I need to smooth some simulated data, but occasionally run into problems when the simulated ordinates to be smoothed are mostly the same value. Here is a small reproducible example of the simplest case.
> x <- 0:50
> y <- rep(0,51)
> loess.smooth(x,y)
Error in simpleLoess(y, x, w, span, degree, FALSE, FALSE, normalize = FALSE, :
NA/NaN/Inf in foreign function call (arg 1)
loess(y~x), lowess(x,y), and their analogue in MATLAB produce the expected results without error on this example. I am using loess.smooth here because I need the estimates evaluated at a set number of points. According to the documentation, I believe loess.smooth and loess are using the same estimation functions, but the former is an "auxiliary function" to handle the evaluation points. The error seems to come from a C function:
> traceback()
3: .C(R_loess_raw, as.double(pseudovalues), as.double(x), as.double(weights),
as.double(weights), as.integer(D), as.integer(N), as.double(span),
as.integer(degree), as.integer(nonparametric), as.integer(order.drop.sqr),
as.integer(sum.drop.sqr), as.double(span * cell), as.character(surf.stat),
temp = double(N), parameter = integer(7), a = integer(max.kd),
xi = double(max.kd), vert = double(2 * D), vval = double((D +
1) * max.kd), diagonal = double(N), trL = double(1),
delta1 = double(1), delta2 = double(1), as.integer(0L))
2: simpleLoess(y, x, w, span, degree, FALSE, FALSE, normalize = FALSE,
"none", "interpolate", control$cell, iterations, control$trace.hat)
1: loess.smooth(x, y)
loess also calls simpleLoess, but with what appears to be different arguments.
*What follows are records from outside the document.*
(* Let $(p_\lambda(\mathbf y))_{\lambda\in\mathcal P}$ be a full sequence of symmetric functions. Then $(p_\lambda)$ is of binomial type if and only if there exists a quasi-genus $G$ such that $(p_\lambda)$ is associated with $G$.
   Context: **Partitions and the order.** $\mathcal P$ is the set of integer partitions. Partitions of $n$ are totally ordered by Macdonald's reverse lexicographic order: $\lambda>\mu$ iff the first nonzero difference $\lambda_i-\mu_i$ is positive. **Full sequence.** A nonzero homogeneous symmetric function $p$ of degree $n$, written $p=\sum_\lambda c_\lambda m_\lambda$ in monomial symmetric functions, has exact degree equal to the largest $\lambda\vdash n$ with $c_\lambda\ne0$. A full sequence is a family $(p_\lambda(\mathbf y))_{\lambda\in\mathcal P}$ of homogeneous symmetric functions in $\mathbf y=(y_1,y_2,\dots)$ with each $p_\lambda$ of exact degree $\lambda$. **Vector conventions.** For a vector $\alpha$ of nonnegative integers with finite support, $p_\alpha$ (resp. $G_\alpha$) denotes the value at the partition obtained by sorting $\alpha$ into weakly decreasing order. For vectors we write $\alpha!=\prod_i\alpha_i!$ and $|\alpha|=\sum_i\alpha_i$, and $\binom{\lambda}{\alpha}=\frac{\lambda!}{\alpha!(\lambda-\alpha)!}$ for $0\le\alpha\le\lambda$ componentwise. **Binomial type.** $(p_\lambda)$ is of binomial type if, for disjoint variable sets $\mathbf y,\mathbf z$ and every $\lambda$, $$p_\lambda(\mathbf y\cup\mathbf z)=\sum_{\alpha}\binom{\lambda}{\alpha}p_\alpha(\mathbf y)\,p_{\lambda-\alpha}(\mathbf z),$$ where $\alpha$ ranges over vectors with $0\le\alpha\le\lambda$ (viewing $\lambda=(\lambda_1,\dots,\lambda_{\ell(\lambda)})$). **Quasi-genus.** A quasi-genus is an assignment of a complex number $G_\lambda$ to each partition $\lambda$ (equivalently a functor from set partitions under relabeling to $\mathbb C$, depending only on block type), with $G_\emptyset=1$. **Association.** $(p_\lambda)$ is associated with $G$ (i.e. it enumerates $G$-enriched functions from a set partitioned by type $\lambda$ to $\{y_1,y_2,\dots\}$) if for every $\lambda$ $$p_\lambda(\mathbf y)=\sum\frac{\lambda!}{\prod_j\alpha^{(j)}!}\prod_{j\ge1}G_{\alpha^{(j)}}\,y_j^{|\alpha^{(j)}|}.$$ The sum is over families $(\alpha^{(j)})_{j\ge1}$ of vectors in $\mathbb Z_{\ge0}^{\ell(\lambda)}$, all but finitely many zero, with $\sum_j\alpha^{(j)}=\lambda$. *)

From HB Require Import structures.
From mathcomp Require Import all_boot all_order all_algebra.
Set Implicit Arguments. Unset Strict Implicit. Unset Printing Implicit Defensive.
Import Order.TTheory GRing.Theory Num.Theory.

Definition is_partition (l : seq nat) : bool :=
  sorted geq l && all (fun x => 0 < x) l.

Definition ptn (a : seq nat) : seq nat := sort geq [seq x <- a | 0 < x].

(* Macdonald's reverse lexicographic order: revlex_gt l m  iff the first
   nonzero difference l_i - m_i (sequences padded by zeros) is positive. *)
Fixpoint revlex_gt (l m : seq nat) : bool :=
  match l, m with
  | [::], _ => false
  | x :: l', [::] => has (fun y => 0 < y) (x :: l')
  | x :: l', y :: m' => (y < x) || ((x == y) && revlex_gt l' m')
  end.

(* A symmetric function (in y_1, y_2, ...) over F is represented by its
   coefficients in the monomial basis: c mu = coefficient of m_mu, for mu a
   partition.  Values at non-partitions are irrelevant. *)
Definition symfun (F : Type) := seq nat -> F.

(* Coefficient of the monomial y_1^{b_1} ... y_k^{b_k} (b a finitely
   supported exponent vector) in the symmetric function c. *)
Definition mcoef (F : Type) (c : symfun F) (b : seq nat) : F := c (ptn b).

Section Defs.
Variable F : numClosedFieldType.
Local Open Scope ring_scope.

Definition exact_degree (c : symfun F) (lam : seq nat) : Prop :=
  c lam != 0 /\
  forall mu, is_partition mu -> c mu != 0 ->
    sumn mu = sumn lam /\ ~~ revlex_gt mu lam.

Definition full_sequence (p : seq nat -> symfun F) : Prop :=
  forall lam, is_partition lam -> exact_degree (p lam) lam.

Fixpoint boxes (lam : seq nat) : seq (seq nat) :=
  match lam with
  | [::] => [:: [::]]
  | x :: l => [seq i :: s | i <- iota 0 x.+1, s <- boxes l]
  end.

Definition vsub (lam a : seq nat) : seq nat := [seq (x.1 - x.2)%N | x <- zip lam a].

Definition vbinom (lam a : seq nat) : nat := (\prod_(x <- zip lam a) 'C(x.1, x.2))%N.

Definition vfact (a : seq nat) : nat := (\prod_(x <- a) x`!)%N.

(* Binomial type, written out on monomial coefficients: the coefficient of
   y^b z^g in p_lam(y u z) is the coefficient of the monomial with exponent
   multiset b ++ g in p_lam, and the coefficient of y^b z^g in
   p_a(y) p_{lam-a}(z) is [y^b]p_a * [z^g]p_{lam-a}. *)
Definition binomial_type (p : seq nat -> symfun F) : Prop :=
  forall lam, is_partition lam ->
  forall b g : seq nat,
    mcoef (p lam) (b ++ g) =
    \sum_(a <- boxes lam)
       (vbinom lam a)%:R * mcoef (p (ptn a)) b * mcoef (p (ptn (vsub lam a))) g.

(* A quasi-genus: a value G mu for each partition mu, with G [::] = 1.
   G_a for a vector a means G (ptn a). *)
Definition quasi_genus (G : seq nat -> F) : Prop := G [::] = 1.

Fixpoint families (lam : seq nat) (k : nat) : seq (seq (seq nat)) :=
  match k with
  | 0 => [:: [::]]
  | k'.+1 => [seq a :: f | a <- boxes lam, f <- families lam k']
  end.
Of course, if you vary enough of the y values to be nonzero, loess.smooth runs without error, but I need the program to run in even the most extreme case.
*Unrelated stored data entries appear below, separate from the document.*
Lemma fsum_le n f g : (forall i, (i < n)%nat -> f i <= g i) -> fsum n f <= fsum n g.
Proof.
  induction n as [|n IH]; intros Hfg; [cbn; lra|].
  rewrite !fsum_S. apply Rplus_le_compat; [apply IH; intros|]; apply Hfg; lia.
Qed.

Lemma fsum_nonneg n f : (forall i, (i < n)%nat -> 0 <= f i) -> 0 <= fsum n f.
Proof.
  intros Hf. replace 0 with (fsum n (fun _ => 0)) by (rewrite fsum_const; ring).
  now apply fsum_le.
Qed.

Lemma fsum_delta n x g : (x < n)%nat ->
  fsum n (fun y => if Nat.eqb x y then g y else 0) = g x.
Proof.
  induction n as [|n IH]; intros Hx; [lia|].
  rewrite fsum_S. destruct (Nat.eqb_spec x n) as [<-|Hxn].
  - rewrite (fsum_ext _ _ (fun _ => 0)), fsum_const; [ring|].
    intros i Hi. destruct (Nat.eqb_spec x i); [lia | reflexivity].
  - rewrite IH by lia. ring.
Qed.

Lemma fsum_Cauchy_Schwarz n f : fsum n f ^ 2 <= INR n * fsum n (fun i => f i ^ 2).
Proof.
  induction n as [|n IH]; [cbn; lra|].
  rewrite !fsum_S, S_INR.
  set (x := f n) in *. set (s := fsum n f) in *. set (s2 := fsum n (fun i => f i ^ 2)) in *.
  (* after expanding, the induction step reduces to 0 <= sum_i (f i - f n)^2 *)
  assert (Hcross : 0 <= s2 - 2 * x * s + INR n * x ^ 2).
  { replace (s2 - 2 * x * s + INR n * x ^ 2) with (fsum n (fun i => (f i - x) ^ 2)).
    - apply fsum_nonneg. intros. apply pow2_ge_0.
    - unfold s, s2. rewrite <- fsum_scal_l, <- fsum_const, <- fsum_sub, <- fsum_add.
      apply fsum_ext. intros. ring. }
  nra.
Qed.

Lemma fsum2_abs_sq_le n F :
  fsum n (fun i => fsum n (fun j => Rabs (F i j))) ^ 2
  <= INR n ^ 2 * fsum n (fun i => fsum n (fun j => F i j ^ 2)).
Proof.
  eapply Rle_trans; [apply fsum_Cauchy_Schwarz|].
  replace (INR n ^ 2 * _) with (INR n * fsum n (fun i => INR n * fsum n (fun j => F i j ^ 2)))
    by (rewrite fsum_scal_l; ring).
  apply Rmult_le_compat_l; [apply pos_INR|].
  apply fsum_le. intros i _.
  eapply Rle_trans; [apply fsum_Cauchy_Schwarz|]. right. f_equal.
  apply fsum_ext. intros. now rewrite <- !Rsqr_pow2, <- Rsqr_abs.
Qed.

Lemma pow2_pos m : (0 < 2 ^ m)%nat.
Proof. apply Nat.neq_0_lt_0, Nat.pow_nonzero. lia. Qed.

Lemma hadamard_pm1 m i j : hadamard m i j = 1 \/ hadamard m i j = -1.
Proof.
  revert i j; induction m as [|m IH]; intros i j; [now left|]. cbn [hadamard].
  destruct (i <? 2 ^ m)%nat, (j <? 2 ^ m)%nat; auto.
  destruct (IH (i - 2 ^ m)%nat (j - 2 ^ m)%nat) as [-> | ->]; [right | left]; ring.
Qed.

Lemma hadamard_row0 m j : hadamard m 0 j = 1.
Proof.
  revert j; induction m as [|m IH]; intros j; [reflexivity|]. cbn [hadamard].
  pose proof (pow2_pos m). destruct (Nat.ltb_spec 0 (2 ^ m)); [|lia].
  destruct (j <? 2 ^ m)%nat; apply IH.
Qed.

Definition hadamard_half m i : nat := if (i <? 2 ^ m)%nat then i else (i - 2 ^ m)%nat.
Definition hadamard_sign m i : R := if (i <? 2 ^ m)%nat then 1 else -1.

Lemma hadamard_S_left m i z : (z < 2 ^ m)%nat ->
  hadamard (S m) i z = hadamard m (hadamard_half m i) z.
Proof.
  intros Hz. cbn [hadamard]. unfold hadamard_half.
  destruct (Nat.ltb_spec z (2 ^ m)); [|lia]. now destruct (i <? 2 ^ m)%nat.
Qed.

Lemma hadamard_S_right m i z :
  hadamard (S m) i (2 ^ m + z) = hadamard_sign m i * hadamard m (hadamard_half m i) z.
Proof.
  cbn [hadamard]. unfold hadamard_half, hadamard_sign.
  destruct (Nat.ltb_spec (2 ^ m + z) (2 ^ m)); [lia|].
  replace (2 ^ m + z - 2 ^ m)%nat with z by lia.
  destruct (i <? 2 ^ m)%nat; ring.
Qed.

Lemma hadamard_orthogonal m i j : (i < 2 ^ m)%nat -> (j < 2 ^ m)%nat ->
  fsum (2 ^ m) (fun z => hadamard m i z * hadamard m j z) =
  if Nat.eqb i j then INR (2 ^ m) else 0.
Proof.
  revert i j; induction m as [|m IH]; intros i j Hi Hj.
  - simpl in Hi, Hj. replace i with 0%nat by lia. replace j with 0%nat by lia.
    unfold fsum. simpl. ring.
  - set (h := (2 ^ m)%nat) in *.
    assert (Hh : (2 ^ S m = h + h)%nat) by (cbn; lia).
    assert (Hhalf : forall l, (l < h + h)%nat -> (hadamard_half m l < h)%nat)
      by (intros l Hl; unfold hadamard_half; fold h; destruct (Nat.ltb_spec l h); lia).
    rewrite Hh in *. rewrite fsum_split, plus_INR.
    set (g z := hadamard m (hadamard_half m i) z * hadamard m (hadamard_half m j) z).
    rewrite (fsum_ext h (fun z => hadamard (S m) i z * hadamard (S m) j z) g)
      by (intros; unfold g, h in *; now rewrite !hadamard_S_left).
    rewrite (fsum_ext h (fun z => hadamard (S m) i (h + z) * hadamard (S m) j (h + z))
               (fun z => hadamard_sign m i * hadamard_sign m j * g z))
      by (intros; unfold g, h; rewrite !hadamard_S_right; ring).
    unfold g.
    rewrite fsum_scal_l, IH by auto.
    unfold hadamard_half, hadamard_sign; fold h.
    destruct (Nat.ltb_spec i h), (Nat.ltb_spec j h),
      (Nat.eqb_spec i j), (Nat.eqb_spec (i - h) (j - h)), (Nat.eqb_spec i (j - h)),
      (Nat.eqb_spec (i - h) j); try lia; ring.
Qed.

Definition affine_transform (n : nat) (r : nat -> nat -> R) (a : R) (f : nat -> R) (z : nat) : R :=
  fsum n (fun x => (1 + a * r x z) * f x).

Lemma affine_transform_ext n r a f g z : (forall x, (x < n)%nat -> f x = g x) ->
  affine_transform n r a f z = affine_transform n r a g z.
Proof. intros Hfg. apply fsum_ext. intros. now rewrite Hfg. Qed.

Lemma affine_transform_sub n r a f g z :
  affine_transform n r a (fun x => f x - g x) z
  = affine_transform n r a f z - affine_transform n r a g z.
Proof. unfold affine_transform. rewrite <- fsum_sub. apply fsum_ext. intros. ring. Qed.

Lemma fsum_affine_transform n m r a F z :
  fsum m (fun i => affine_transform n r a (F i) z)
  = affine_transform n r a (fun x => fsum m (fun i => F i x)) z.
Proof.
  unfold affine_transform. rewrite fsum_swap. apply fsum_ext. intros.
  apply fsum_scal_l.
Qed.

Section Energy.
Variables (n m : nat) (r : nat -> nat -> R).
Hypothesis r_orthogonal : forall x y, (x < n)%nat -> (y < n)%nat ->
  fsum m (fun z => r x z * r y z) = if Nat.eqb x y then INR m else 0.
Hypothesis r_sum0 : forall x, (x < n)%nat -> fsum m (r x) = 0.

Lemma affine_row_gram a x y : (x < n)%nat -> (y < n)%nat ->
  fsum m (fun z => (1 + a * r x z) * (1 + a * r y z))
  = INR m * (1 + a ^ 2 * if Nat.eqb x y then 1 else 0).
Proof.
  intros Hx Hy.
  rewrite (fsum_ext m _ (fun z => (1 + a * r x z + a * r y z) + a ^ 2 * (r x z * r y z)))
    by (intros; ring).
  rewrite fsum_add, !fsum_add, fsum_const, !fsum_scal_l, r_orthogonal, !r_sum0 by auto.
  destruct (Nat.eqb x y); ring.
Qed.

Lemma affine_transform_energy a f :
  fsum m (fun z => affine_transform n r a f z ^ 2)
  = INR m * (fsum n f ^ 2 + a ^ 2 * fsum n (fun x => f x ^ 2)).
Proof.
  unfold affine_transform.
  rewrite (fsum_ext m _ (fun z => fsum n (fun x => fsum n (fun y =>
              (1 + a * r x z) * f x * ((1 + a * r y z) * f y)))))
    by (intros; rewrite <- fsum_mul_fsum; ring).
  rewrite fsum_swap.
  rewrite (fsum_ext n _ (fun x => fsum n (fun y =>
              INR m * (f x * f y) + INR m * a ^ 2 * (if Nat.eqb x y then f x * f y else 0)))).
  2:{ intros x Hx. rewrite fsum_swap. apply fsum_ext. intros y Hy.
      rewrite (fsum_ext m _ (fun z => f x * f y * ((1 + a * r x z) * (1 + a * r y z))))
        by (intros; ring).
      rewrite fsum_scal_l, affine_row_gram by auto. destruct (Nat.eqb x y); ring. }
  rewrite (fsum_ext n _ (fun x => INR m * fsum n f * f x + INR m * a ^ 2 * f x ^ 2)).
  - rewrite fsum_add, !fsum_scal_l. ring.
  - intros x Hx.
    rewrite fsum_add, !fsum_scal_l, (fsum_delta n x (fun y => f x * f y)) by auto.
    ring.
Qed.

Lemma affine_transform2_energy a D :
  fsum n (fun x1 => fsum n (D x1)) = 0 ->
  fsum m (fun z1 => fsum m (fun z2 =>
    affine_transform n r a (fun x1 => affine_transform n r a (D x1) z2) z1 ^ 2))
  = INR m ^ 2 * (a ^ 4 * fsum n (fun x1 => fsum n (fun x2 => D x1 x2 ^ 2))
      + a ^ 2 * (fsum n (fun x1 => fsum n (D x1) ^ 2)
                 + fsum n (fun x2 => fsum n (fun x1 => D x1 x2) ^ 2))).
Proof.
  intros Hmass0.
  set (col x2 := fsum n (fun x1 => D x1 x2)).
  assert (Hcol : fsum n col = 0) by (unfold col; now rewrite <- fsum_swap).
  rewrite fsum_swap.
  rewrite (fsum_ext m _ (fun z2 => INR m *
             (affine_transform n r a col z2 ^ 2
              + a ^ 2 * fsum n (fun x1 => affine_transform n r a (D x1) z2 ^ 2)))).
  2:{ intros z2 _. rewrite affine_transform_energy, fsum_affine_transform. reflexivity. }
  rewrite fsum_scal_l, fsum_add, fsum_scal_l, affine_transform_energy, Hcol, (fsum_swap m n).
  rewrite (fsum_ext n (fun x1 => fsum m (fun z2 => affine_transform n r a (D x1) z2 ^ 2))
             (fun x1 => INR m * (fsum n (D x1) ^ 2 + a ^ 2 * fsum n (fun x2 => D x1 x2 ^ 2))))
    by (intros; apply affine_transform_energy).
  rewrite fsum_scal_l, fsum_add, fsum_scal_l.
  unfold col. ring.
Qed.
End Energy.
Hopefully, someone can help me with one and/or all of the following:
Understand why only loess.smooth, and not the other functions, produces this error and find a solution for this problem.
Find a work-around using loess but still evaluating the estimate at a specified number of points that can differ from the vector x. For example, I might want to use only x <- seq(0,50,10) in the smoothing, but evaluate the estimate at x <- 0:50. As far as I know, using predict with a new data frame will not properly handle this situation, but please let me know if I am missing something there.
Handle the error in a way that doesn't stop the program from moving onto the next simulated data set.
Thanks in advance for any help on this problem.